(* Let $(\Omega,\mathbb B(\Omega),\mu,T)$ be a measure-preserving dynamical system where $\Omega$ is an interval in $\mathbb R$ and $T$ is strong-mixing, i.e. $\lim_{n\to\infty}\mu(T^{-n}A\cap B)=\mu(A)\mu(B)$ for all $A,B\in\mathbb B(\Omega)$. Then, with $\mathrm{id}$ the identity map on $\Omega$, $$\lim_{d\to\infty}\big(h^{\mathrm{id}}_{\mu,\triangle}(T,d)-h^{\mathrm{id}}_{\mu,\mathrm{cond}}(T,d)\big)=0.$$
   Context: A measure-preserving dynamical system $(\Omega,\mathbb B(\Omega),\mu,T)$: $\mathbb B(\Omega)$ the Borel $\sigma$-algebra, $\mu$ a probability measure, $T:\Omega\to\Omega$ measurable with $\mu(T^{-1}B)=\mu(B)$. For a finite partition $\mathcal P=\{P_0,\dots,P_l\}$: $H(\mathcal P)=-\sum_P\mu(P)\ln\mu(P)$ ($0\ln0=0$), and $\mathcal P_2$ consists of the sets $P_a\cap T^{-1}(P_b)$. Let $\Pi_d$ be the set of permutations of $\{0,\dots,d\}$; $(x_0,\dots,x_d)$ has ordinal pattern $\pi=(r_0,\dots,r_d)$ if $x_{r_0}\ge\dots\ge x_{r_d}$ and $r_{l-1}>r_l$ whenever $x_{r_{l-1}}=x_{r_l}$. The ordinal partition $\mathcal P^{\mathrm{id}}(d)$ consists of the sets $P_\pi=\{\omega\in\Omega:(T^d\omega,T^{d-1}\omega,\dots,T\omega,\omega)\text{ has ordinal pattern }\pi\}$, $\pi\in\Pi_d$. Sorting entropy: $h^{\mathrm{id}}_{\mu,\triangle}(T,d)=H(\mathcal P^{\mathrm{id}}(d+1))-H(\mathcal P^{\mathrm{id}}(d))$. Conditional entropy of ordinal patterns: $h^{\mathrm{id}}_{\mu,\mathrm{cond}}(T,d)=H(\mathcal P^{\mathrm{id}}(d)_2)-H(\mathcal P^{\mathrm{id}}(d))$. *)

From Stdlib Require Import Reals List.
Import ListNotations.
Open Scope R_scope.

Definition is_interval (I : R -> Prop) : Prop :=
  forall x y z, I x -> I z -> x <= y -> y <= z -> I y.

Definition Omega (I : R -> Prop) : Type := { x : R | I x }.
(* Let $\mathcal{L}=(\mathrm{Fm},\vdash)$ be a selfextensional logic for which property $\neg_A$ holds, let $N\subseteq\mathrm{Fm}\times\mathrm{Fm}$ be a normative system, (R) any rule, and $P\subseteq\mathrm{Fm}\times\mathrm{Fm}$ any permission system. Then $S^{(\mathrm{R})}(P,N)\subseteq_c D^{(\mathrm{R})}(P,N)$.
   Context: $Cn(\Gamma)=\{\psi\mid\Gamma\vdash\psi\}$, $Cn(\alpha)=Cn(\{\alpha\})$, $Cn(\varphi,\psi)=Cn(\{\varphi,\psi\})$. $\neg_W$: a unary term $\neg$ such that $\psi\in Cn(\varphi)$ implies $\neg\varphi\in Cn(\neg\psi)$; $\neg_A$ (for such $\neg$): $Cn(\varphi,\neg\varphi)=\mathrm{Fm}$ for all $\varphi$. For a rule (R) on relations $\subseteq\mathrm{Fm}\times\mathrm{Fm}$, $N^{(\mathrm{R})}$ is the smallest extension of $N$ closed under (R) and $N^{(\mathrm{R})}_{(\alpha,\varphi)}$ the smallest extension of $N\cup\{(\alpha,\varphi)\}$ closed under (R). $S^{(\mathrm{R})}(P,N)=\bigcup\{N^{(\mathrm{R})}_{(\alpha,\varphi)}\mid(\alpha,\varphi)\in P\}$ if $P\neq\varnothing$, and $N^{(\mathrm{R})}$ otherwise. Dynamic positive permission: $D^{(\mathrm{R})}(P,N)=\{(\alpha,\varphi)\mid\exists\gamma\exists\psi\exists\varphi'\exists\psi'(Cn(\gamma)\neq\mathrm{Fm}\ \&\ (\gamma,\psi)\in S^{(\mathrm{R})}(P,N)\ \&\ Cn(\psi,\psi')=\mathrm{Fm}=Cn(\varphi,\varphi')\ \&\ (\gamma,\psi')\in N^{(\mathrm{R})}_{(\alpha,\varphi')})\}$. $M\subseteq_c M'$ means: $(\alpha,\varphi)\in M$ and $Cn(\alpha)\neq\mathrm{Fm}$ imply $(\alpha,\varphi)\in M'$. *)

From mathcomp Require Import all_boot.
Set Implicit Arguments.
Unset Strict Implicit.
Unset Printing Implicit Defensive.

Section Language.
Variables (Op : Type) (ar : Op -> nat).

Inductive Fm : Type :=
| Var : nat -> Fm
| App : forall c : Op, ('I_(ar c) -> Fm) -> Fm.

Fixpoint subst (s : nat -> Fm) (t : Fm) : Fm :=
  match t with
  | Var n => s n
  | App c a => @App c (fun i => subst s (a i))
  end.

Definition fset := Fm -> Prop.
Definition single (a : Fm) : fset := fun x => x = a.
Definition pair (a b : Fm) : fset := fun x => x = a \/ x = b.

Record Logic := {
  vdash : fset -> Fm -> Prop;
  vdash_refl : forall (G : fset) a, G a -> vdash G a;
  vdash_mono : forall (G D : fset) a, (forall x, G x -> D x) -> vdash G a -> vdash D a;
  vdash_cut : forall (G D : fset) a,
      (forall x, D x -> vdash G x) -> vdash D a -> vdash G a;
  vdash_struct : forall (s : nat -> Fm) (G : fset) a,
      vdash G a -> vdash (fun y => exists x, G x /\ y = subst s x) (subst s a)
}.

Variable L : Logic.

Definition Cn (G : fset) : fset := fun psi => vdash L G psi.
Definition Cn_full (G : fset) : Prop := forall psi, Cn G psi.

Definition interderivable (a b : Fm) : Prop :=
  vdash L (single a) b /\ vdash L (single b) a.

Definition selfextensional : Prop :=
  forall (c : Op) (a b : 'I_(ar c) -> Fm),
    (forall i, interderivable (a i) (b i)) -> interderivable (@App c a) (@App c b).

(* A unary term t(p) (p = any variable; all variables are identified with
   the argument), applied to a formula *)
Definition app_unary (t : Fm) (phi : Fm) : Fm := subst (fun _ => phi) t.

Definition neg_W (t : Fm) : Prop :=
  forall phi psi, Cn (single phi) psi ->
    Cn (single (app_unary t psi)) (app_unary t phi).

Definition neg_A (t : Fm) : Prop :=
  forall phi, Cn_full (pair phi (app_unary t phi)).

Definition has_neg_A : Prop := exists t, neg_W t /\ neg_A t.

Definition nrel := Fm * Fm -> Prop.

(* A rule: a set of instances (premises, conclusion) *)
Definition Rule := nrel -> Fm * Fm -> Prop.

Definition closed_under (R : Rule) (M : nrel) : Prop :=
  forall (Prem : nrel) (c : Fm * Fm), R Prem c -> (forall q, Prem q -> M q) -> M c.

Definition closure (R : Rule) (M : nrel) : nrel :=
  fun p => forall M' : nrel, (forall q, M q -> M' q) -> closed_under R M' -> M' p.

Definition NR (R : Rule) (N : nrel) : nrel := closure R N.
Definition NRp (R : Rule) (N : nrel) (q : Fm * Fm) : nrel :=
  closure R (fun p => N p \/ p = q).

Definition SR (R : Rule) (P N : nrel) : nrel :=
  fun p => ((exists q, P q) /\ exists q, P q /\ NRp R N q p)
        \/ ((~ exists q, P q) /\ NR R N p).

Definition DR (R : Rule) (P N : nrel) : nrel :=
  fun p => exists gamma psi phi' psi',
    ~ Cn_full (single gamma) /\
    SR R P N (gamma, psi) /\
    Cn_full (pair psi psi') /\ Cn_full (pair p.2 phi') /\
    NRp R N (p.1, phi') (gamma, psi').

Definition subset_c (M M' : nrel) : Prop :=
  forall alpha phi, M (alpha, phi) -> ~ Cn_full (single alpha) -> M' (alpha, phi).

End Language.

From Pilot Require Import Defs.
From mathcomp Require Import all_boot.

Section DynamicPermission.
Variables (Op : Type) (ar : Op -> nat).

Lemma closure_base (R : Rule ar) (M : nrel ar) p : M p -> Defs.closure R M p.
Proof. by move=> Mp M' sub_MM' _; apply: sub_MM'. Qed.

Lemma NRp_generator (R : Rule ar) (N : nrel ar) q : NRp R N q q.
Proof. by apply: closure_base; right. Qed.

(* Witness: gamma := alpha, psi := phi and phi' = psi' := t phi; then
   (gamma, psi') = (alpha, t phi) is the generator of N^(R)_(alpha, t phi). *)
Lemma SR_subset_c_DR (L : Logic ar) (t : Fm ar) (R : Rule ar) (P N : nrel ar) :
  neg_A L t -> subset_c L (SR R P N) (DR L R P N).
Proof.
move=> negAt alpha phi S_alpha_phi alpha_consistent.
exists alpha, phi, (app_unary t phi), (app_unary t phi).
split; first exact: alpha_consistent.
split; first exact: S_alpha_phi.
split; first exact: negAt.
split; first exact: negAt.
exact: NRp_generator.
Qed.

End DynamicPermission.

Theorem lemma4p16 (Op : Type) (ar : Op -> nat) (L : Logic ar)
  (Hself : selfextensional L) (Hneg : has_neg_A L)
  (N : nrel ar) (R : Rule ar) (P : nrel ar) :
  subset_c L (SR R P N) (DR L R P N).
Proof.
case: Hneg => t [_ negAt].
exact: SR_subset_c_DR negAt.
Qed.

Exercise instructions: From the data above, copy each line with the string "Implicit" in it.

Written answer:
Set Implicit Arguments.
Unset Strict Implicit.
Unset Printing Implicit Defensive.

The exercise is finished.